Новые встречи | страница 35



— В лес ходил за цветами.

— За какими цветами? — удивился Филипп и поглядел на корзинку, полную ромашек.

— Цветы для Вики, — с важностью объявил старик, ставя корзинку у себя в ногах.

— Интересно… Похлебку вы, что ли, варите из них?

— Что-то в этом роде, — усаживаясь на скамью, отозвался старик.

Филипп нахмурился — он ждал Гиту, а на него свалился этот старик. И сунув платок в карман, он спросил с легкой насмешкой:

— Ну как же вы варите эту похлебку?

— Варим ромашки в кастрюле, а отваром Вики моет себе голову.

Филипп удивленно уставился на него.

— Что это случилось с Вики? Помешалась она, что ли?

Старик рассмеялся.

— Волосы светлеют от этого, глупый!

— Ага, блондинкой захотела стать! Неплохо на старости лет.

Филипп хлопнул старика по плечу, и тот, покачнувшись, едва не упал.

В самом деле, с некоторых пор Виктория Беглишки твердо решила стать блондинкой и с этой целью хранила в погребе целую груду ромашек. Каждое утро старик отправлялся на не скошенные еще полянки за сосновым бором и часами, словно утенок, щипал ромашки, напоминавшие ему серебряные монетки. Потом варил их в котелке во дворе. Впрочем, Хаджи Ставри удачно выполнял и другие поручения по хозяйству. Раз или два в неделю он спускался на базар и покупал грибы, которые Вики готовила с неподражаемым мастерством. Будь он помоложе, ходил бы и в лес по грибы, потому что отлично их распознавал — и шампиньоны, и подосиновики, и опята. Но в его годы трудно было карабкаться по холмам да сквозь кусты продираться.

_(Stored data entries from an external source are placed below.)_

From mathcomp Require Import all_boot all_order all_algebra.
From mathcomp Require Import classical_sets reals.
From mathcomp Require Import ring lra.
Set Implicit Arguments. Unset Strict Implicit. Unset Printing Implicit Defensive.
Import Order.TTheory GRing.Theory Num.Theory.
Local Open Scope ring_scope.

(* Take S = A = Z/m with the uniform distribution, give the winning side every
   action and the losing side at state s the cyclic window {s, ..., s+n-1}.
   Given a policy M, let x and y be epsilon-optimal strategies of the two agents
   in the unrestricted zero-sum game M(1,.,.): by the minimax theorem (obtained
   from Ville's alternative, itself proved by Fourier-Motzkin elimination) their
   guarantees add up to 1 - 2 epsilon.  At state s the losing agent still plays
   its strategy after moving the mass outside its window onto delta, which
   costs at most that mass.  Every action lies in exactly n windows, so the
   mass lost by each agent averages at most (m - n)/m over s, and the error is
   at least 1/2 - (m - n)/m = (2n - m)/(2m). *)

Lemma ex_separating (R : realDomainType) (I : finType) (P Q : pred I) (f g : I -> R) :
  (forall i j, P i -> Q j -> f i <= g j) ->
  exists t, (forall i, P i -> f i <= t) /\ (forall j, Q j -> t <= g j).
Proof.
move=> fg; case: (pickP P) => [i0 Pi0 | noP].
  case: (arg_maxP f Pi0) => i Pi f_max.
  by exists (f i); split => [i' /f_max | j /(fg _ _ Pi)].
case: (pickP Q) => [j0 Qj0 | noQ].
  case: (arg_minP g Qj0) => j Qj g_min.
  by exists (g j); split => [i | j' /g_min]; rewrite ?noP.
by exists 0; split => [i | j]; rewrite ?noP ?noQ.
Qed.

Section FourierMotzkin.
Variables (R : realFieldType) (T : finType).

(* A pair [(c, b)] encodes the linear inequality [\sum_k c k * z k <= b]. *)
Definition ineq := ((T -> R) * R)%type.

Definition ineq0 : ineq := (fun=> 0, 0).
Definition ineqD (r1 r2 : ineq) : ineq := (fun k => r1.1 k + r2.1 k, r1.2 + r2.2).
Definition ineqZ (a : R) (r : ineq) : ineq := (fun k => a * r.1 k, a * r.2).

Inductive cone (I : Type) (S : I -> ineq) : ineq -> Prop :=
| cone0 : cone S ineq0
| cone_gen i : cone S (S i)
| coneD r1 r2 : cone S r1 -> cone S r2 -> cone S (ineqD r1 r2)
| coneZ a r : 0 <= a -> cone S r -> cone S (ineqZ a r).

Definition dot (V : {set T}) (c z : T -> R) := \sum_(k in V) c k * z k.

Lemma dotD V r1 r2 z : dot V (ineqD r1 r2).1 z = dot V r1.1 z + dot V r2.1 z.
Proof. by rewrite /dot -big_split; apply: eq_bigr => k _; rewrite mulrDl. Qed.

Lemma dotZ V a r z : dot V (ineqZ a r).1 z = a * dot V r.1 z.
Proof. by rewrite /dot mulr_sumr; apply: eq_bigr => k _; rewrite mulrA. Qed.

Lemma dotT c z : dot [set: T] c z = \sum_k c k * z k.
Proof. by apply: eq_bigl => k; rewrite inE. Qed.

Section Elimination.
Variables (I : finType) (S : I -> ineq) (v : T).

Definition fm_elim (j : I + I * I) : ineq :=
  match j with
  | inl i => if (S i).1 v == 0 then S i else ineq0
  | inr (p, q) =>
      if (0 < (S p).1 v) && ((S q).1 v < 0)
      then ineqD (ineqZ (- (S q).1 v) (S p)) (ineqZ ((S p).1 v) (S q))
      else ineq0
  end.

Lemma cone_fm_elim r : cone fm_elim r -> cone S r /\ r.1 v = 0.
Proof.
elim=> [|j|r1 r2 _ [c1 e1] _ [c2 e2]|a r1 a_ge0 _ [c1 e1]].
- by split; [exact: cone0|].
- case: j => [i|[p q]] /=.
    by case: eqP => [e|_]; split => //; [exact: cone_gen|exact: cone0].
  case: ifP => [/andP [hp hq]|_]; last by split => //; exact: cone0.
  split; last by rewrite /= mulNr mulrC addNr.
  by apply: coneD; apply: coneZ; rewrite ?oppr_ge0 ?ltW //; exact: cone_gen.
- by split; [exact: coneD|rewrite /= e1 e2 addr0].
- by split; [exact: coneZ|rewrite /= e1 mulr0].
Qed.

Lemma fm_elim_lift (V : {set T}) (z : T -> R) : v \in V ->
  (forall j, dot (V :\ v) (fm_elim j).1 z <= (fm_elim j).2) ->
  exists z', forall i, dot V (S i).1 z' <= (S i).2.
Proof.
move=> vV z_sol.
pose c i := (S i).1 v; pose d i := dot (V :\ v) (S i).1 z; pose b i := (S i).2.
have zero_ok i : c i = 0 -> d i <= b i.
  by move=> ci0; have := z_sol (inl i); rewrite /= -/(c i) ci0 eqxx.
have pair_ok q p : c q < 0 -> 0 < c p -> (b q - d q) / c q <= (b p - d p) / c p.
  move=> cq_lt0 cp_gt0; have := z_sol (inr (p, q)).
  rewrite /= -/(c p) -/(c q) cp_gt0 cq_lt0 dotD !dotZ /= => comb.
  rewrite -/(d p) -/(d q) -/(b p) -/(b q) in comb.
  rewrite ler_pdivlMr // mulrAC ler_ndivrMr //; nra.
have [t [t_lo t_hi]] := ex_separating pair_ok.
exists (fun k => if k == v then t else z k) => i.
have -> : dot V (S i).1 (fun k => if k == v then t else z k) = c i * t + d i.
  rewrite /dot (big_setD1 v vV) /= eqxx; congr (_ + _).
  by apply: eq_bigr => k; rewrite in_setD1 => /andP [/negbTE -> _].
rewrite -lerBrDr; case: (ltrgtP (c i) 0) => ci.
- by have := t_lo _ ci; rewrite ler_ndivrMr // mulrC.
- by have := t_hi _ ci; rewrite ler_pdivlMr // mulrC.
- by rewrite ci mul0r subr_ge0; apply: zero_ok.
Qed.

End Elimination.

— Эх, Филипчо, Филипчо, — вздохнул вдруг старик, ладонью отерев пот со лба, — смеешься, бездельник, а не спросишь, каково мне, до смеху ли.

— Что это ты?

— Да что… Помыкает мной, как прислугой. И ладно бы Вики, а то и Аспарух повис на моей шее, черт бы его взял. Да вдобавок глумится надо мной: «Зятек, — говорит, — сделай это, зятек, сделай то!» И я бегаю из последних силенок. А Вики только посмеивается. Теперь вот насчет дома принялись меня обхаживать, чтоб я переписал его на Вики.

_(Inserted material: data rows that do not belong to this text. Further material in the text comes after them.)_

(* Let $q\ge 2$ be an integer and $s\in(0,2)$, and let $P(x,t)=|\Psi(x,t)|^2$ be the probability density of the Weierstrass-like wave function $\Psi$ defined in the context. Then for every fixed $t\in\mathbb R$ the graph of $x\mapsto P(x,t)$ on $[0,\pi]$ has box-counting dimension $D_x=\max\{s,1\}$. In particular this dimension is the same at $t=0$ and at every later time.
   Context: For an integer $q\ge2$ and $s\in(0,2)$ define, for $x\in[0,\pi]$ and $t\in\mathbb R$, $$\Psi(x,t)=N\sum_{n=0}^{\infty} q^{n(s-2)}\sin(q^n x)\,e^{-i q^{2n} t},\qquad N=\sqrt{\tfrac{2}{\pi}\big(1-q^{2(s-2)}\big)},$$ a uniformly convergent series. Let $P(x,t)=|\Psi(x,t)|^2$. For a bounded set $A\subset\mathbb R^d$ let $N(\delta)$ be the number of cubes $[m_1\delta,(m_1+1)\delta]\times\dots\times[m_d\delta,(m_d+1)\delta]$, $m_i\in\mathbb Z$, meeting $A$. The upper and lower box-counting dimensions are $\limsup_{\delta\to0}$ and $\liminf_{\delta\to0}$ of $\ln N(\delta)/\ln(1/\delta)$. The box-counting dimension $\dim_B A$ exists when these two coincide, and is then their common value. The graph of a function $f$ on a set $U$ is $\{(u,f(u)):u\in U\}$. *)

From Stdlib Require Import Reals ZArith List.
From Coquelicot Require Import Coquelicot.
Open Scope R_scope.

Definition coef (q : nat) (s : R) (n : nat) : R :=
  Rpower (INR q) (INR n * (s - 2)).

Definition Nconst (q : nat) (s : R) : R :=
  sqrt (2 / PI * (1 - Rpower (INR q) (2 * (s - 2)))).

(* Psi(x,t) = N sum q^{n(s-2)} sin(q^n x) e^{-i q^{2n} t}; real and imaginary parts. *)
Definition RePsi (q : nat) (s x t : R) : R :=
  Nconst q s * Series (fun n => coef q s n * sin (INR q ^ n * x) * cos (INR q ^ (2 * n) * t)).

Definition ImPsi (q : nat) (s x t : R) : R :=
  - (Nconst q s * Series (fun n => coef q s n * sin (INR q ^ n * x) * sin (INR q ^ (2 * n) * t))).

Definition Pdens (q : nat) (s x t : R) : R := RePsi q s x t ^ 2 + ImPsi q s x t ^ 2.

Definition graphP (q : nat) (s t : R) (p : R * R) : Prop :=
  0 <= fst p <= PI /\ snd p = Pdens q s (fst p) t.

Definition box_meets (A : R * R -> Prop) (d : R) (m : Z * Z) : Prop :=
  exists p, A p /\
    IZR (fst m) * d <= fst p <= (IZR (fst m) + 1) * d /\
    IZR (snd m) * d <= snd p <= (IZR (snd m) + 1) * d.

Definition has_card {T : Type} (S : T -> Prop) (n : nat) : Prop :=
  exists l : list T, NoDup l /\ length l = n /\ (forall z, In z l <-> S z).

(* N(d) is well defined (finitely many meeting squares), and
   ln N(d) / ln(1/d) -> D as d -> 0+; i.e. upper and lower box dimensions
   both equal D, so dim_B A exists and equals D. *)
Definition box_dim_is (A : R * R -> Prop) (D : R) : Prop :=
  (forall d, 0 < d -> exists n, has_card (box_meets A d) n) /\
  (forall eps, 0 < eps -> exists d0, 0 < d0 /\
     forall d n, 0 < d < d0 -> has_card (box_meets A d) n ->
       Rabs (ln (INR n) / ln (1 / d) - D) < eps).

(* Write [P = N^2 (ReS^2 + ImS^2)] with lacunary series [ReS], [ImS] of ratio
   [r = q^(s - 2) < 1].

   Upper bound: the [n]-th mode [sin (q^n x)] is [th]-Hölder with constant
   [q^(n th)], so for [th < 2 - s] the weighted sum converges and [P] is
   [th]-Hölder for every [th < min 1 (2 - s)]; such a graph meets
   [O (d^(th - 2))] boxes of size [d].

   Lower bound: a continuous graph meets at least [1 / d] boxes, which settles
   [s <= 1]. For [s > 1], take [q^k ~ PI / d] and the frequency
   [J = q^k + q^n0] with [n0] in [{0, 1}]. By the arithmetic of sums of powers
   of [q], exactly one pair of modes of [P] resonates with [cos (J x)], so the
   Fourier coefficient of [P] at [J] is of size [r^k ~ d^(2 - s)], up to a
   time-dependent phase that is bounded below for [n0 = 0] or [n0 = 1]. Shifting
   by the half period [PI / J] bounds that coefficient by the [L^1] norm of
   [P (x + PI / J) - P x], which is at most [2 d^2 N(d) + O(d)]. Hence
   [N(d) >~ d^(-s)]. *)

From Stdlib Require Import Reals ZArith List.
From Coquelicot Require Import Coquelicot.
From Stdlib Require Import Lia Lra ClassicalEpsilon.
Open Scope R_scope.

(** * Sums of two powers of [q] *)

Section PowersOfBase.
Local Open Scope nat_scope.
Variable q : nat.
Hypothesis q_ge2 : 2 <= q.

Lemma divide_pow_S m : Nat.divide q (q ^ S m).
Proof. exists (q ^ m). simpl. lia. Qed.

Lemma not_divide_1 : ~ Nat.divide q 1.
Proof. intros D. apply Nat.divide_1_r in D. lia. Qed.

Lemma pow_injective m k : q ^ m = q ^ k -> m = k.
Proof. intros E. apply Nat.pow_inj_r with q; lia. Qed.

Lemma pow_ge4 k : 2 <= k -> 4 <= q ^ k.
Proof.
  intros Hk. apply Nat.le_trans with (2 ^ k).
  - change 4 with (2 ^ 2). apply Nat.pow_le_mono_r; lia.
  - apply Nat.pow_le_mono_l. lia.
Qed.

Lemma pow_add_pow_eq_pow_add1 k m n : 2 <= k ->
  q ^ m + q ^ n = q ^ k + 1 -> (m = k /\ n = 0) \/ (m = 0 /\ n = k).
Proof.
  intros Hk E. pose proof (pow_ge4 k Hk).
  destruct m as [|m]; destruct n as [|n]; rewrite ?Nat.pow_0_r in E.
  - lia.
  - right. split; [easy|]. apply pow_injective. lia.
  - left. split; [|easy]. apply pow_injective. lia.
  - exfalso. apply not_divide_1.
    apply (Nat.divide_add_cancel_r _ (q ^ k)); [destruct k; [lia|apply divide_pow_S]|].
    rewrite <- E. apply Nat.divide_add_r; apply divide_pow_S.
Qed.

Lemma pow_ne_pow_add_pow_add1 k m n : 2 <= k -> q ^ m <> q ^ n + q ^ k + 1.
Proof.
  intros Hk E. pose proof (pow_ge4 k Hk).
  destruct m as [|m]; [simpl in E; lia|].
  destruct k as [|k]; [lia|].
  destruct n as [|n].
  - (* q divides q^k + 2, so q = 2, and then 4 divides 2^k + 2 with k >= 2: impossible *)
    rewrite Nat.pow_0_r in E.
    assert (Hq2 : q = 2).
    { assert (D : Nat.divide q 2).
      { apply (Nat.divide_add_cancel_r _ (q ^ S k)); [apply divide_pow_S|].
        replace (q ^ S k + 2) with (q ^ S m) by lia. apply divide_pow_S. }
      apply Nat.divide_pos_le in D; lia. }
    subst q. destruct m as [|m]; [change (2 ^ 1) with 2 in E; lia|].
    destruct k as [|k]; [lia|].
    assert (D : Nat.divide 4 2); [|apply Nat.divide_pos_le in D; lia].
    apply (Nat.divide_add_cancel_r _ (2 ^ S (S k))).
    + exists (2 ^ k). simpl. lia.
    + replace (2 ^ S (S k) + 2) with (2 ^ S (S m)) by lia. exists (2 ^ m). simpl. lia.
  - apply not_divide_1.
    apply (Nat.divide_add_cancel_r _ (q ^ S n + q ^ S k)).
    + apply Nat.divide_add_r; apply divide_pow_S.
    + rewrite <- E. apply divide_pow_S.
Qed.

Lemma pow_add_pow_eq_pow_add_q k m n : 3 <= k ->
  q ^ m + q ^ n = q ^ k + q -> (m = k /\ n = 1) \/ (m = 1 /\ n = k).
Proof.
  intros Hk E.
  assert (Hdiv : forall a, Nat.divide q (q ^ k + q - q ^ S a)).
  { intros a. apply Nat.divide_sub_r; [apply Nat.divide_add_r; [destruct k; [lia|apply divide_pow_S]|]|];
      [apply Nat.divide_refl|apply divide_pow_S]. }
  destruct m as [|m]; [exfalso|destruct n as [|n]; [exfalso|]].
  - destruct n as [|n]; [pose proof (pow_ge4 k ltac:(lia)); simpl in E; lia|].
    apply not_divide_1. specialize (Hdiv n). rewrite Nat.pow_0_r in E.
    replace (q ^ k + q - q ^ S n) with 1 in Hdiv by lia. exact Hdiv.
  - apply not_divide_1. specialize (Hdiv m). rewrite Nat.pow_0_r in E.
    replace (q ^ k + q - q ^ S m) with 1 in Hdiv by lia. exact Hdiv.
  - destruct k as [|k]; [lia|]. simpl in E.
    assert (E' : q ^ m + q ^ n = q ^ k + 1) by (apply (Nat.mul_cancel_l _ _ q); lia).
    destruct (pow_add_pow_eq_pow_add1 k m n ltac:(lia) E') as [[-> ->]|[-> ->]]; auto.
Qed.

Lemma pow_ne_pow_add_pow_add_q k m n : 3 <= k -> q ^ m <> q ^ n + q ^ k + q.
Proof.
  intros Hk E.
  destruct m as [|m]; [pose proof (pow_ge4 k ltac:(lia)); simpl in E; lia|].
  destruct n as [|n].
  - apply not_divide_1. apply (Nat.divide_add_cancel_r _ (q ^ k + q)).
    + apply Nat.divide_add_r; [destruct k; [lia|apply divide_pow_S]|apply Nat.divide_refl].
    + replace (q ^ k + q + 1) with (q ^ S m) by (rewrite Nat.pow_0_r in E; lia). apply divide_pow_S.
  - destruct k as [|k]; [lia|]. simpl in E.
    apply (pow_ne_pow_add_pow_add1 k m n ltac:(lia)).
    apply (Nat.mul_cancel_l _ _ q); lia.
Qed.

(* For [J = q^k + q^n0] with [admissible k n0], [q^m + q^n = J] forces
   [{m, n} = {k, n0}] and [q^m = q^n + J] is impossible: exactly one pair of
   modes of [|Psi|^2] resonates with [cos (J x)]. *)
Definition admissible (k n0 : nat) := (n0 = 0 /\ 2 <= k) \/ (n0 = 1 /\ 3 <= k).

Lemma pow_ne_pow_add_admissible k n0 m n :
  admissible k n0 -> q ^ m <> q ^ n + (q ^ k + q ^ n0).
Proof.
  intros [[-> Hk]|[-> Hk]]; rewrite Nat.add_assoc.
  - rewrite Nat.pow_0_r. apply pow_ne_pow_add_pow_add1; auto.
  - rewrite Nat.pow_1_r. apply pow_ne_pow_add_pow_add_q; auto.
Qed.

Lemma pow_add_pow_eq_admissible k n0 m n : admissible k n0 ->
  q ^ m + q ^ n = q ^ k + q ^ n0 -> (m = k /\ n = n0) \/ (m = n0 /\ n = k).
Proof.
  intros [[-> Hk]|[-> Hk]].
  - rewrite Nat.pow_0_r. apply pow_add_pow_eq_pow_add1; auto.
  - rewrite Nat.pow_1_r. apply pow_add_pow_eq_pow_add_q; auto.
Qed.

End PowersOfBase.

Lemma continuity_shift f h : continuity f -> continuity (fun x => f (x + h)).
Proof.
  intros Hc. apply continuity_comp with (f1 := fun x => x + h) (f2 := f); auto.
  apply continuity_plus; [apply derivable_continuous, derivable_id|apply continuity_const; intros ? ?; auto].
Qed.

Lemma continuity_abs_increment f h : continuity f -> continuity (fun x => Rabs (f (x + h) - f x)).
Proof.
  intros Hc. apply continuity_comp with (f1 := fun x => f (x + h) - f x) (f2 := Rabs).
  - apply continuity_minus; [apply continuity_shift|]; auto.
  - apply Rcontinuity_abs.
Qed.

Lemma ex_RInt_continuity g a b : continuity g -> ex_RInt g a b.
Proof.
  intros Hc. apply (@ex_RInt_continuous R_CompleteNormedModule).
  intros z _. apply continuity_pt_filterlim. apply Hc.
Qed.

Lemma RInt_le_const g a b K : a <= b -> continuity g ->
  (forall x, a <= x <= b -> g x <= K) -> RInt g a b <= (b - a) * K.
Proof.
  intros Hab Hc HK.
  assert (H : RInt g a b <= RInt (fun _ => K) a b).
  { apply RInt_le; auto; [apply ex_RInt_continuity; auto|apply ex_RInt_const|].
    intros x Hx. apply HK. lra. }
  rewrite RInt_const in H. exact H.
Qed.

Lemma continuity_cos_mul J : continuity (fun x => cos (J * x)).
Proof.
  apply continuity_comp with (f1 := fun x => J * x) (f2 := cos); [|apply continuity_cos].
  apply continuity_mult; [apply continuity_const; intros ? ?; auto|apply derivable_continuous, derivable_id].
Qed.

Lemma RInt_Chasles_continuity f a b c : continuity f -> RInt f a b + RInt f b c = RInt f a c.
Proof. intros Hf. apply (RInt_Chasles f a b c); apply ex_RInt_continuity; auto. Qed.

Lemma Rabs_RInt_le_const f a b M : a <= b -> continuity f ->
  (forall x, a <= x <= b -> Rabs (f x) <= M) -> Rabs (RInt f a b) <= (b - a) * M.
Proof. intros Hab Hf H. apply abs_RInt_le_const; auto. apply ex_RInt_continuity; auto. Qed.

Lemma RInt_shift f h a b : continuity f -> RInt (fun y => f (y + h)) a b = RInt f (a + h) (b + h).
Proof.
  intros Hf. replace (a + h) with (1 * a + h) by ring. replace (b + h) with (1 * b + h) by ring.
  rewrite <- (RInt_comp_lin f 1 h a b) by (apply ex_RInt_continuity; auto).
  apply RInt_ext. intros x _. unfold scal; simpl; unfold mult; simpl. rewrite !Rmult_1_l. auto.
Qed.

(** * Counting boxes along a graph over [[0, PI]] *)

Definition graph_0pi (f : R -> R) : R * R -> Prop :=
  fun p => 0 <= fst p <= PI /\ snd p = f (fst p).

Definition oscillation_le (f : R -> R) (a b o : R) : Prop :=
  forall x y, a <= x <= b -> a <= y <= b -> Rabs (f x - f y) <= o.

Lemma Int_part_bounds y : IZR (Int_part y) <= y < IZR (Int_part y) + 1.
Proof. destruct (base_Int_part y). lra. Qed.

— Если спятил, перепиши, — отрезал Филипп.

— Как же, так я ей и перепишу! Спятишь тогда! Выкинут меня на улицу. Ни в тех, ни в сех окажешься. Никогда!

Старик откинулся на скамейке и тоже загляделся на долину, возбужденный, побагровевший.

— Уф, дурно мне стало от жары.

Он расстегнул воротник и повертел тонкой своей, цыплячьей шеей, чтобы охладиться. На груди открылись седые лохматые волосы. Годы выпили из него все соки, и теперь он походил на старую отжатую тряпку — таким он выглядел немощным и облинявшим.